The back garden bed, just off the main lawn in the back yard is 5 feet wide and 20 feet long. A plain rectangle that had two large trees flanking either side and an awkward vegetable garden strip. My goal for the space was to retain the current structure of the center lawn with three surrounding beds but remove the tall plantings, basal prune the trees and shrubs and remove any unhealthy or crowded plants. With the heaviness of the trees and shrubs lifted there was room for new perennials, annuals and vegetables down below. The new structure created visual room around the garden, expanding the overall living space.
I wanted to integrate play structures for my toddler so that the yard would be usable but also beautiful and educational. Creating elements like a table and chairs made out of found wood stumps, a hopscotch pathway through the middle of the garden, and low plantings (18″ and under) that are decorative, sensory, and occasionally edible, makes for an interactive garden space that becomes an extension of the lawn.
These hopscotch stepping stones were created by using this method and laid in the garden forming a path that goes by bleeding hearts, blueberries, and bunny tail grasses until it reaches the table and chairs made out of wood stumps.
Above the table and chairs is a solar light chandelier which you can see how to make here.
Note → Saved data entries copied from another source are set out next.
Lemma mcoef_block t : eq_upto a e t -> mcoef t Qblock = mcoef t Q.
Proof.
move=> /eq_uptoP et; set wt := index_seq b.+1 (fun k => t (a + k)%N).
have st : s = index_seq a t by apply: eq_index_seq.
have expo_v (v : b.+1.-tuple 'I_M.+1) : inS M b.+1 (map val v) ->
    eq_upto r t (expo (s ++ map val v)) = (wt == map val v).
  by move=> /inS_pos v_pos; rewrite {1}st eq_upto_expo_cat // size_map (size_tuple v).
have Qwt : mcoef t Q = piR r Q s wt.
  have /eq_uptoP : eq_upto r t (expo (s ++ wt)).
    by rewrite st eq_upto_expo_cat ?index_seq_pos ?size_index_seq.
  exact: eq_mcoef.
rewrite /Qblock raddf_sum /=.
under eq_bigr => v vS do rewrite mcoefCM mcoef_mmono expo_v //.
have [tQ0|tQ] := eqVneq (mcoef t Q) 0.
  by rewrite tQ0 big1 // => v _; case: eqP => [<-|]; rewrite -?Qwt ?tQ0 ?mulr0.
have sS : inS N r (s ++ wt) by rewrite st -index_seq_cat; apply: QV.
have wtS : inS M b.+1 wt by apply: inS_catr sS; rewrite size_index_seq.
have [v0 v0wt] := exists_tuple_ord (size_index_seq _ _) (inS_leq wtS).
rewrite (bigD1 v0) ?v0wt //= eqxx mulr1 -Qwt big1 ?addr0 // => v /andP[_ vv0].
case: eqP => [wtv|_]; last by rewrite mulr0.
by move: vv0; rewrite (map_val_tuple_inj (etrans v0wt wtv)) eqxx.
Qed.

Lemma mcoef_psi_formula :
  mcoef e (psi r b.+1 Q) =
  \sum_(v : b.+1.-tuple 'I_M.+1 | inS M b.+1 (map val v))
     piR r Q s (map val v) * ecoef b (map val v) (index_seq b.+1 (fun k => e (a + k)%N)).
Proof.
have -> : psi r b.+1 Q = psi r b.+1 (Q - Qblock) + psi r b.+1 Qblock.
  by rewrite -raddfD subrK.
rewrite raddfD /= mcoef_psi_eq0 ?add0r ?mcoef_psi_block // => t et.
by rewrite raddfB /= mcoef_block ?subrr.
Qed.

End CoefficientFormula.

Lemma mhom_psi r j d (Q : mpoly r) : mhom d Q -> mhom d (psi r j Q).
Proof.
move=> hQ; apply: mhomD => //; rewrite big_nat_cond.
apply: mhom_sum => i /andP[/andP[ji ir] _].
have subst_deg1 o k : (k < r)%N -> mhom 1 (phi_subst r j i o k).
  move=> kr; rewrite /phi_subst.
  case: ifP => _; first exact: mhom_mX.
  case: ifP => _; first by apply: mhomD; [|apply: mhomN]; apply: mhom_mX; lia.
  by apply: mhom_mX; rewrite /bump; lia.
by apply: mhomD; [|apply: mhomN]; apply: mhom_msubst => // k /subst_deg1.
Qed.

Lemma mhom_inV N r Q : inV N r Q -> mhom (N - r) Q.
Proof.
move=> QV e /QV /and3P[_ _ /eqP]; rewrite -/(index_seq r e) sumn_index_seq.
by move=> <-; rewrite addnK.
Qed.

Lemma all_iotaD (P : pred nat) a j :
  all P (iota 0 (a + j)) = all P (iota 0 a) && all (fun k => P (a + k)%N) (iota 0 j).
Proof.
rewrite iotaD all_cat add0n; congr (_ && _).
by rewrite -{1}(addn0 a) iotaDl all_map.
Qed.

Lemma totally_even_cat a j e :
  totally_even (a + j) e = totally_even a e && totally_even j (fun k => e (a + k)%N).
Proof. exact: all_iotaD. Qed.

Lemma odd3_pred x : odd x && (3 <= x)%N = ~~ odd x.-1 && (2 <= x.-1)%N.
Proof. by case: x => [|x] //=; rewrite negbK. Qed.

Lemma totally_even_expo n l :
  all (fun x => odd x && (3 <= x)%N) l -> size l = n -> totally_even n (expo l).
Proof.
move=> /allP l3 <-; apply/allP => k; rewrite mem_iota add0n => /andP[_ kl].
by rewrite -odd3_pred l3 // mem_nth.
Qed.

Lemma inS_index_seq n t :
  totally_even n t -> inS (sumn (index_seq n t)) n (index_seq n t).
Proof.
move=> /allP te; rewrite /inS size_index_seq !eqxx andbT /=.
by apply/allP => _ /mapP[k kn ->]; rewrite odd3_pred te.
Qed.

Lemma index_seq_expo l : all (leq 1) l -> index_seq (size l) (expo l) = l.
Proof. by move=> l_pos; apply/eqP; rewrite -eq_upto_expo //; apply/eq_uptoP. Qed.

Section KernelCriterion.
Variables (N a b : nat) (Q : mpoly (a + b.+1)).
Hypothesis QV : inV N (a + b.+1) Q.

Lemma mcoef_psi_expo s l : size s = a -> all (leq 1) s -> all (leq 1) l -> size l = b.+1 ->
  mcoef (expo (s ++ l)) (psi _ b.+1 Q) =
  \sum_(v : b.+1.-tuple 'I_(N - sumn s).+1 | inS (N - sumn s) b.+1 (map val v))
     piR _ Q s (map val v) * ecoef b (map val v) l.
Proof.
move=> sa s_pos l_pos lb; rewrite (mcoef_psi_formula _ QV).
have -> : index_seq a (expo (s ++ l)) = s.
  rewrite -[RHS](index_seq_expo s_pos) sa; apply: eq_index_seq => k ka.
  by rewrite expo_cat_lt ?sa.
have -> // : index_seq b.+1 (fun k => expo (s ++ l) (a + k)%N) = l.
rewrite -[RHS](index_seq_expo l_pos) lb; apply: eq_index_seq => k _.
by rewrite -sa expo_cat_ge.
Qed.

Lemma psi_support e : totally_even (a + b.+1) e -> mcoef e (psi _ b.+1 Q) != 0 ->
  [/\ inS (sumn (index_seq a e)) a (index_seq a e), (sumn (index_seq a e) < N)%N
    & inS (N - sumn (index_seq a e)) b.+1 (index_seq b.+1 (fun k => e (a + k)%N))].
Proof.
rewrite totally_even_cat => /andP[te_a te_b] /(mhom_psi (mhom_inV QV)) sum_e.
have /inS_index_seq sS := te_a; have /inS_index_seq wS := te_b.
have e_ge2 : (2 <= e (a + b))%N.
  by move: te_b => /allP/(_ b); rewrite mem_iota ltnSn => /(_ isT)/andP[].
have N_sum : (sumn (index_seq a e) + sumn (index_seq b.+1 (fun k => e (a + k)%N)) = N)%N.
  rewrite -sumn_cat -index_seq_cat sumn_index_seq sum_e subnK //.
  (* [mhom] only gives the truncated [N - r]: a positive degree forces [r <= N]. *)
  have : (2 <= \sum_(k < a + b.+1) e k)%N.
    have ab : (a + b < a + b.+1)%N by rewrite addnS.
    by rewrite (bigD1 (Ordinal ab)) //= (leq_trans e_ge2) ?leq_addr.
  by rewrite sum_e; lia.
split=> //; last by rewrite -N_sum addKn.
by rewrite -N_sum -addn1 leq_add2l sumn_index_seq addnS.
Qed.

End KernelCriterion.

Theorem lemma4p7 (N r j : nat) (Q : mpoly r) :
  (1 <= j)%N -> (j <= r - 1)%N -> inV N r Q ->
  (phi r j Q = 0 <->
   forall s : seq nat, inS (sumn s) (r - j) s -> (sumn s < N)%N ->
   forall w : j.-tuple 'I_(N - sumn s).+1, inS (N - sumn s) j (map val w) ->
   \sum_(v : j.-tuple 'I_(N - sumn s).+1 | inS (N - sumn s) j (map val v))
      piR r Q s (map val v) * ecoef j.-1 (map val v) (map val w) = 0).
Proof.
case: j => [//|b] _ jr QV.
have [a ra] : exists a, r = (a + b.+1)%N by exists (r - b.+1)%N; rewrite subnK //; lia.
subst r; rewrite addnK phiE; split => [phi0 s sS sN w wS | vanish].
  have /and3P[/eqP sa s3 _] := sS.
  rewrite -(mcoef_psi_expo QV) ?(inS_pos sS) ?(inS_pos wS) ?size_map ?size_tuple //.
  have te : totally_even (a + b.+1) (expo (s ++ map val w)).
    apply: totally_even_expo; last by rewrite size_cat sa size_map size_tuple.
    by rewrite all_cat s3; case/and3P: wS.
  by have := congr1 (mcoef (expo (s ++ map val w))) phi0; rewrite mcoef_rte te raddf0.
apply/mpolyP => e; rewrite mcoef_rte raddf0; case: ifP => // te.
apply/eqP; apply: contraT => nz; have [sS sN wS] := psi_support QV te nz.
have [w wE] := exists_tuple_ord (size_index_seq _ _) (inS_leq wS).
by move: nz; rewrite (mcoef_psi_formula _ QV) -wE vanish ?eqxx // wE.
Qed.
Lemma border_in_B z : z \in F -> on_border x0 nx y0 ny z -> z \in B.
Proof.
move=> zF /border_shift_out[d dD zd]; apply: filled_boundary zF (adj_shift z dD) _.
by apply: contra zd; exact: F_sub.
Qed.

Lemma column_meets_B t : (x0 <= t < x0 + nx%:Z)%R -> exists2 z, z \in B & z.1 = t.
Proof.
case: F_box.2 => [[a aF a1] [b bF b1] _ _] tx.
have aB : a \in B by apply: border_in_B; rewrite // /on_border a1 eqxx.
have bB : b \in B by apply: border_in_B; rewrite // /on_border b1 eqxx orbT.
by apply: polyomino_ivt polB adj_fst_le aB bB _; rewrite a1 b1; lia.
Qed.

Lemma row_meets_B t : (y0 <= t < y0 + ny%:Z)%R -> exists2 z, z \in B & z.2 = t.
Proof.
case: F_box.2 => [_ _ [a aF a2] [b bF b2]] ty.
have aB : a \in B by apply: border_in_B; rewrite // /on_border a2 eqxx !orbT.
have bB : b \in B by apply: border_in_B; rewrite // /on_border b2 eqxx !orbT.
by apply: polyomino_ivt polB adj_snd_le aB bB _; rewrite a2 b2; lia.
Qed.

Lemma line_meets_F d t : t \in lines x0 nx y0 ny d -> exists2 z, z \in F & line d z = t.
Proof.
rewrite /lines /line; case: ifP => _; rewrite mem_irange.
  by case/column_meets_B => z zB <-; exists z; rewrite ?in_fsetU ?zB.
by case/row_meets_B => z zB <-; exists z; rewrite ?in_fsetU ?zB.
Qed.
Definition Rval (q : nat) (g : SL2Z) : R :=
  2 * (lambda_q q) ^ 2 * cosh_rho (z_q q) (moeb g (z_q q)).

Definition Nset (q : nat) (n : R) : Prop := exists g : SL2Z, Rval q g = n.

(* Tangent vector at z (in the upper half plane) of the hyperbolic geodesic
   segment from z to w (w <> z).  If Re w = Re z the geodesic is the vertical
   line; otherwise it is the Euclidean semicircle centred at the point c of
   the real axis equidistant from z and w, and the tangent at z is
   perpendicular to z - c, oriented towards w (moving counterclockwise on the
   semicircle, i.e. direction i (z - c), decreases the real part). *)
Definition geod_tangent (z w : C) : C :=
  if Req_EM_T (Re w) (Re z) then
    (if Rlt_dec (Im z) (Im w) then (0, 1) else (0, -1))
  else
    let c := ((Re w) ^ 2 + (Im w) ^ 2 - (Re z) ^ 2 - (Im z) ^ 2)
             / (2 * (Re w - Re z)) in
    if Rlt_dec (Re w) (Re z) then Cmult Ci (Cminus z (RtoC c))
    else Cmult (Copp Ci) (Cminus z (RtoC c)).

(* t is an argument (angle with the positive horizontal direction) of the
   nonzero vector v; the set of such t is a class in R / 2 pi Z. *)
Definition is_arg (v : C) (t : R) : Prop :=
  exists r : R, 0 < r /\ v = (r * cos t, r * sin t).

(* t represents theta(gamma) (requires gamma z_q <> z_q). *)
Definition is_theta (q : nat) (g : SL2Z) (t : R) : Prop :=
  is_arg (geod_tangent (z_q q) (moeb g (z_q q))) t.

(* O_K = Z + Z z_q, and the norm N(w) = |w|^2. *)
Definition in_OK (q : nat) (w : C) : Prop :=
  exists a b : Z, w = Cplus (ZtoC a) (Cmult (ZtoC b) (z_q q)).
Definition normK (w : C) : R := (Re w) ^ 2 + (Im w) ^ 2.

(* Let T and N be the trace and norm of z_q and f(X, Y) = |X z_q + Y|^2 = N X^2 + T X Y + Y^2,
   a form of discriminant -q.  For g in SL(2, Z), g z_q is the root (-B + i sqrt q) / (2A) in
   the upper half plane of A w^2 + B w + C, where [A, B, C] is the transform of f by g.  Hence
   n = 2 lam^2 cosh rho(z_q, g z_q) = A |z_q|^2 + B Re z_q + C, and the geodesic from z_q to
   g z_q leaves z_q in the direction i conj(w), where w = A zbar_q^2 + B zbar_q + C lies in O_K,
   has norm n^2 - 4 lam^4 and real part n - A q / 2.  Conversely every such w arises from a
   form [A, B, C] of discriminant -q with A > 0, and as the class number is one, Gauss
   reduction brings that form to the principal one, i.e. it is a transform of f. *)

From Stdlib Require Import Reals List ZArith.
From Coquelicot Require Import Coquelicot.
From Stdlib Require Import Lra Lia Psatz Zwf.
Open Scope R_scope.

Section PrincipalOrbit.
Local Open Scope Z_scope.
Variables T N : Z.
Lemma cond_exp_orthogonal h : Gmeas h -> L2 P h ->
  E (fun x => (Y x - c x) * h x) = 0.
Proof.
move=> hm hL; pose f x := (Y x - c x) * h x.
have fi : Int f := L2M_Int (L2B hY cond_exp_L2) hL.
have mf := Int_measurable fi.
pose A n := [set x | `|h x| <= n%:R].
have mI n : measurable_fun setT (\1_(A n) : T -> R).
  exact: measurable_indic (HG (Gset_norm_le _ hm)).
have fAi n : Int (fun x => f x * \1_(A n) x) := IntM_bounded fi (mI n) (norm_indic_le1 _).
have E_fA n : (\int[P]_x (f x * \1_(A n) x)%:E = 0)%E.
  rewrite -(fineK (integrable_fin_num measurableT (fAi n))) -[fine _]/(E _).
  have hA x : `|h x * \1_(A n) x| <= n%:R := norm_mul_indic_le h x (ler0n R n).
  have mhA := measurable_funM (Gmeas_measurable hm) (mI n).
  rewrite (@eq_E _ _ _ _ _ (fun x => Y x * (h x * \1_(A n) x) - c x * (h x * \1_(A n) x))).
    by rewrite EB ?(IntM_bounded _ mhA hA) // (cond_exp_mul_trunc hm (ler0n R n)) subrr.
  by move=> x; rewrite /f !mulrBl !mulrA.
have f_cvg : {ae P, forall x, setT x ->
    (fun n => (f x * \1_(A n) x)%:E) @ \oo --> (EFin \o f) x}.
  apply: aeW => x _; apply: cvg_near_cst.
  exists (Num.Def.archi_bound `|h x|) => // n /= hn.
  rewrite indicE mem_set ?mulr1 // /A /=.
  by apply: le_trans (ltW (archi_boundP (normr_ge0 _))) _; rewrite ler_nat.
have f_dom : {ae P, forall x n, setT x ->
    (`|(f x * \1_(A n) x)%:E| <= (`|f x|)%:E)%E}.
  apply: aeW => x n _ /=; rewrite lee_fin normrM.
  by rewrite indicE; case: (_ \in _); rewrite ?normr1 ?normr0 ?mulr1 ?mulr0.
have [_ _ cvg0] := dominated_convergence measurableT
  (fun n => (measurable_EFinP _ _).2 (measurable_funM mf (mI n)))
  ((measurable_EFinP _ _).2 mf) f_cvg (Int_norm fi) f_dom.
move: cvg0; rewrite (funext E_fA) => /cvg_lim; rewrite lim_cst // => f0.
by rewrite /E /Rintegral -f0.
Qed.

End cond_exp_given.

Lemma is_cond_exp_L2_orthogonal Y c : L2 P Y -> is_cond_exp P <<s H >> Y c ->
  L2 P c /\ forall h, Gmeas h -> L2 P h -> E (fun x => (Y x - c x) * h x) = 0.
Proof.
move=> hY [/measurable_wrt_measurable_fun hcm /Lfun1_integrable hci hint].
have hset A : <<s H >> A -> E (fun x => Y x * \1_A x) = E (fun x => c x * \1_A x).
  by move=> GA; rewrite !E_indic ?hint //; exact: HG.
split; first exact: (cond_exp_L2 hY hcm hci hset).
by move=> h; exact: (cond_exp_orthogonal hY hcm hci hset).
Qed.

End conditional_expectation.

Section generated_sigma_algebra.
Context {d : measure_display} {T : measurableType d} {R : realType}.
Variable P : probability T R.
Variables (n : nat) (F : 'I_n -> T -> R).
Hypothesis mF : forall k, measurable_fun setT (F k).

Local Notation Gmeas f :=
  (@measurable_fun _ _ (g_sigma_algebraType
     (\big[setU/set0]_(k < n) preimage_set_system setT (F k) measurable)) R setT f).
(* Assume $k>1$. (1) $r=e-k$ if and only if $v(R)\setminus v(xR:\mathfrak m)=\{0,y_1,\dots,y_{k-1}\}$. (2) If $r<e-1$, then (a) $2y_1<c+e$, and (b) $p\le 2l_1+2$, and $p=2l_1+2$ implies $h>0$. (3) If $r=e-k$, then (a) $y_1+y_j<c+e$ for every $j=1,\dots,k-1$, and (b) $p\le l_1+l_{k-1}+2$, and $p=l_1+l_{k-1}+2$ implies $h>0$. (4) If $p\ge3$ and $i$ is such that $l_i=0$, then $2y_i>c+e$.
   Context: Let $(R,\mathfrak m)$ be a one-dimensional local Noetherian domain with quotient field $K$, not regular, analytically irreducible (the integral closure $\overline R$ of $R$ in $K$ is a DVR and a finite $R$-module) and residually rational. Let $v$ be the valuation of $\overline R$ normalized so a uniformizer $t$ has value 1, $v(R)=\{v(a):a\in R\setminus\{0\}\}$, $\mathfrak C=(R:_K\overline R)=t^c\overline R$ with $c$ the least element of $v(R)$ with $c+\mathbb N\subseteq v(R)$, $r=\ell_R((R:_K\mathfrak m)/R)$, $e$ the least positive element of $v(R)$. Let $x\in\mathfrak m$ with $v(x)=e$, $k=\ell_R(R/(\mathfrak C+xR))$, $(xR:\mathfrak m)=\{a\in K:a\mathfrak m\subseteq xR\}$ (an ideal of $R$) with value set $v(xR:\mathfrak m)$. When $k>1$: $p$ is the integer with $c-e\le pe<c$, $h=(p+1)e-c$; $y_1<\dots<y_{k-1}$ are the nonzero elements of $v(R)\setminus v(\mathfrak C+xR)$ (equivalently the $y\in v(R)$ with $0<y<c$ and $y-e\notin v(R)$); $l_i\ge0$ is the integer with $y_i+l_ie<c\le y_i+(l_i+1)e$. *)

From HB Require Import structures.
From mathcomp Require Import all_boot all_order all_algebra.
Set Implicit Arguments. Unset Strict Implicit. Unset Printing Implicit Defensive.
Import Order.TTheory GRing.Theory Num.Theory.
Local Open Scope ring_scope.

(* v is a discrete valuation of K normalized so that some t has value 1
   (the value v 0 is irrelevant and never used). *)
Definition is_dval (K : fieldType) (v : K -> int) : Prop :=
  [/\ (forall a b, a != 0 -> b != 0 -> v (a * b) = v a + v b),
      (forall a b, a != 0 -> b != 0 -> a + b != 0 ->
          Num.min (v a) (v b) <= v (a + b)) &
      (exists t, t != 0 /\ v t = 1)].

(* the valuation ring of v (this is \overline R, a DVR) *)
Definition valring (K : fieldType) (v : K -> int) : K -> Prop :=
  fun a => a = 0 \/ 0 <= v a.

Definition is_subring (K : fieldType) (R : K -> Prop) : Prop :=
  [/\ R 0, R 1, (forall a b, R a -> R b -> R (a - b)) &
      (forall a b, R a -> R b -> R (a * b))].

Definition fin_gen_module (K : fieldType) (R M : K -> Prop) : Prop :=
  exists s : seq K, (forall g, g \in s -> M g) /\
    forall a, M a -> exists f : nat -> K,
      (forall i, R (f i)) /\ a = \sum_(i < size s) f i * s`_i.

(* The standing setting: R is a subring of the DVR \overline R = valring v,
   with quotient field K, \overline R finite over R, R <> \overline R
   (not regular), and residually rational. *)
Definition setting (K : fieldType) (v : K -> int) (R : K -> Prop) : Prop :=
  [/\ is_dval v, is_subring R, (forall a, R a -> valring v a),
      (forall z, exists a b, [/\ R a, R b, b != 0 & z = a / b]) &
      [/\ fin_gen_module R (valring v),
          (exists a, valring v a /\ ~ R a) &
          (forall a, valring v a -> exists b, R b /\ (a - b = 0 \/ 0 < v (a - b)))]].

(* maximal ideal of R: R ∩ (maximal ideal of \overline R) *)
Definition maxid (K : fieldType) (v : K -> int) (R : K -> Prop) : K -> Prop :=
  fun a => R a /\ (a = 0 \/ 0 < v a).

Definition colon (K : fieldType) (I J : K -> Prop) : K -> Prop :=
  fun a => forall b, J b -> I (a * b).

Definition conductor (K : fieldType) (v : K -> int) (R : K -> Prop) : K -> Prop :=
  colon R (valring v).

Definition principal (K : fieldType) (R : K -> Prop) (x : K) : K -> Prop :=
  fun a => exists b, R b /\ a = x * b.

Definition sumset (K : fieldType) (I J : K -> Prop) : K -> Prop :=
  fun a => exists b d, [/\ I b, J d & a = b + d].

Definition vset (K : fieldType) (v : K -> int) (I : K -> Prop) : int -> Prop :=
  fun z => exists a, [/\ I a, a != 0 & v a = z].

Definition is_submod (K : fieldType) (R M : K -> Prop) : Prop :=
  [/\ M 0, (forall a b, M a -> M b -> M (a + b)) &
      (forall r a, R r -> M a -> M (r * a))].

Definition is_chain (K : fieldType) (R J I : K -> Prop) (n : nat)
    (f : nat -> K -> Prop) : Prop :=
  [/\ (forall a, f 0%N a <-> J a), (forall a, f n a <-> I a),
      (forall i, (i <= n)%N -> is_submod R (f i)) &
      (forall i, (i < n)%N ->
         (forall a, f i a -> f i.+1 a) /\ exists a, f i.+1 a /\ ~ f i a)].

(* length of the R-module I/J (J ⊆ I submodules of K) is n:
   the maximal length of a strict chain of submodules between J and I *)
Definition module_length (K : fieldType) (R I J : K -> Prop) (n : nat) : Prop :=
  (exists f, is_chain R J I n f) /\
  (forall m f, is_chain R J I m f -> (m <= n)%N).

(* For R-submodules J ⊆ I of K, the length of I/J is the number of values in
   v(I) \ v(J), since by residual rationality two modules with the same values
   coincide.  Hence r = |v(R :_K m) \ v(R)| and k = |{0, y_1, ..., y_(k-1)}|.
   The Apery set {z ∈ v(R) : z - e ∉ v(R)} has e elements, and splitting it
   according to whether z - e ∈ v(R :_K m) gives e = r + |S| with
   S = v(R) \ v(xR :_K m).  As C + xR ⊆ xR :_K m, S ⊆ {0, y_1, ..., y_(k-1)},
   which is (1).  Every element of m is congruent modulo xR to an element of value
   at least y_1, so z ∈ v(R) lies in v(xR :_K m) as soon as z + y_1 ≥ c + e;
   thus y_i ∈ S forces y_1 + y_i < c + e, and (2)-(4) follow by arithmetic from the
   definitions of p and l_i. *)

From HB Require Import structures.
From mathcomp Require Import all_boot all_order all_algebra.
From mathcomp Require Import zify ring.
From mathcomp Require Import boolp.
Set Implicit Arguments. Unset Strict Implicit. Unset Printing Implicit Defensive.
Import Order.TTheory GRing.Theory Num.Theory.
Local Open Scope ring_scope.

Section Valuation.

Variables (K : fieldType) (v : K -> int).
Hypothesis hv : is_dval v.

Lemma dvalM a b : a != 0 -> b != 0 -> v (a * b) = v a + v b.
Proof. by case: hv => hM _ _; apply: hM. Qed.

Lemma dval1 : v 1 = 0.
Proof. by have := @dvalM 1 1 (oner_neq0 _) (oner_neq0 _); rewrite mulr1 => h; lia. Qed.

Lemma dvalV a : a != 0 -> v a^-1 = - v a.
Proof.
by move=> a0; have := dvalM a0 (invr_neq0 a0); rewrite mulfV // dval1; lia.
Qed.

Lemma dvalMV a b : a != 0 -> b != 0 -> v (a / b) = v a - v b.
Proof. by move=> a0 b0; rewrite dvalM ?invr_eq0 // dvalV. Qed.

Lemma dvalN a : v (- a) = v a.
Proof.
have [->|a0] := eqVneq a 0; first by rewrite oppr0.
have m10 : (-1 : K) != 0 by rewrite oppr_eq0 oner_neq0.
have vm1 : v (-1) = 0 by have := dvalM m10 m10; rewrite mulrNN mulr1 dval1; lia.
by rewrite -mulN1r dvalM // vm1 add0r.
Qed.

Lemma dvalD_ge (s : int) a b : a + b != 0 ->
  (a = 0 \/ s <= v a) -> (b = 0 \/ s <= v b) -> s <= v (a + b).
Proof.
move=> ab0 [a0|ha] [b0|hb].
- by move: ab0; rewrite a0 b0 addr0 eqxx.
- by rewrite a0 add0r.
- by rewrite b0 addr0.
have [a0|a0] := eqVneq a 0; first by rewrite a0 add0r.
have [b0|b0] := eqVneq b 0; first by rewrite b0 addr0.
case: hv => _ hD _; apply: le_trans (hD _ _ a0 b0 ab0); by rewrite le_min ha hb.
Qed.

Lemma dvalD_lt a b : a != 0 -> (b = 0 \/ v a < v b) -> a + b != 0 /\ v (a + b) = v a.
Proof.
move=> a0 [->|hb]; first by rewrite addr0.
have [->|b0] := eqVneq b 0; first by rewrite addr0.
have ab0 : a + b != 0.
  apply: contraTneq hb => /eqP; rewrite addr_eq0 => /eqP ->.
  by rewrite dvalN ltxx.
split=> //; apply/eqP; rewrite eq_le dvalD_ge /=; [|by []|by right|by right; apply: ltW].
have nb0 : - b != 0 by rewrite oppr_eq0.
case: hv => _ hD _; have := hD _ _ ab0 nb0; rewrite addrK dvalN ge_min => /(_ a0).
by case/orP => // hba; move: hb; rewrite ltNge hba.
Qed.

Lemma dvalX t (j : nat) : t != 0 -> v t = 1 -> v (t ^+ j) = j%:Z.
Proof.
move=> t0 vt; elim: j => [|j IH]; first by rewrite expr0 dval1.
by rewrite exprS dvalM ?expf_neq0 // IH vt; lia.
Qed.

Lemma valring_div a b : a != 0 -> b != 0 -> v b <= v a -> valring v (a / b).
Proof. by move=> a0 b0 hab; right; rewrite dvalMV // subr_ge0. Qed.

End Valuation.

Section Subring.

Variables (K : fieldType) (R : K -> Prop).
Hypothesis hR : is_subring R.

Lemma subring0 : R 0. Proof. by case: hR. Qed.
Lemma subring1 : R 1. Proof. by case: hR. Qed.

Lemma subringB a b : R a -> R b -> R (a - b).
Proof. by case: hR => _ _ hB _; apply: hB. Qed.

Lemma subringM a b : R a -> R b -> R (a * b).
Proof. by case: hR => _ _ _ hM; apply: hM. Qed.

Lemma subringN a : R a -> R (- a).
Proof. by move=> ha; rewrite -sub0r; apply: subringB => //; apply: subring0. Qed.

Lemma subringD a b : R a -> R b -> R (a + b).
Proof. by move=> ha hb; rewrite -[b]opprK; apply: subringB => //; apply: subringN. Qed.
On the table, a tea kettle planted with succulents leads you to believe it is the perfect spot for a tea party.
More stepping stones were created throughout the garden beyond the hopscotch stones, using prints from leaves found around the garden. See how to make these stepping stones here.
In addition, a leaf from the large rhubarb that grows at the west side of the garden was used as a mold to create the stepping stone that sits at the base of the table and chairs. See how to make stepping stones from large leaves here.
Upon exiting the play space, there is a pot for digging with a wall of golden raspberries in behind for snacking.
Coming out of the garden you approach two bright red Adirondack chairs, beside the Japanese maple “Bloodgood” that is planted in a large pot filled with alpine strawberry plants. I plant strawberries wherever I have a free container. More on strawberries in containers here and here and here.
My favorite place to relax is the hammock swing. Built off the deck with an arbor structure, this hammock swing is the perfect spot to enjoy the garden. The arbor is currently growing an evergreen clematis, although it can’t be seen yet. In time it will cover the arbor providing some shade and beautiful fragrance when in bloom.
Behind the swing, growing on the side of the deck is an espaliered apple tree with five different apple varieties grafted on. The espalier tree is only two years old, yet it is producing a few apples this year! In future years, I will continue to prune and train it to produce an abundance of apples in a small space. The branches will thicken and create more buds for more apples as the years go by, but the overall height, width, and shape will remain the same.
The stairs go up to the deck which overlooks the garden. Beside the deck you’ll find the perennial herb garden which makes for easy access for zipping down from the kitchen to get some fresh herbs. The herb garden contains rosemary, sage, thyme, mint, nodding onion, chives, a large fig tree, and even a small yuzu tree I was given as a gift. (See the perennial herb garden from my last house here). There are also a few hanging baskets with Tiny Tim Tomatoes and annuals sent to me from Proven Winners as part of their 2016 collection.
All of this in a small city backyard and I haven’t even shown you HALF of the gardens! You can see many of the projects that I have done around the space in the Garden Projects Gallery.
Today I am part of the bHome Open House Tour which encouraged me to start showing the WHOLE garden, not just the DIY parts. I hope you have time to visit my bHome friends and take a look at their homes and gardens all decked out for summer. There are great ideas and tons of inspiration. See them here:
Download the bHome app HERE.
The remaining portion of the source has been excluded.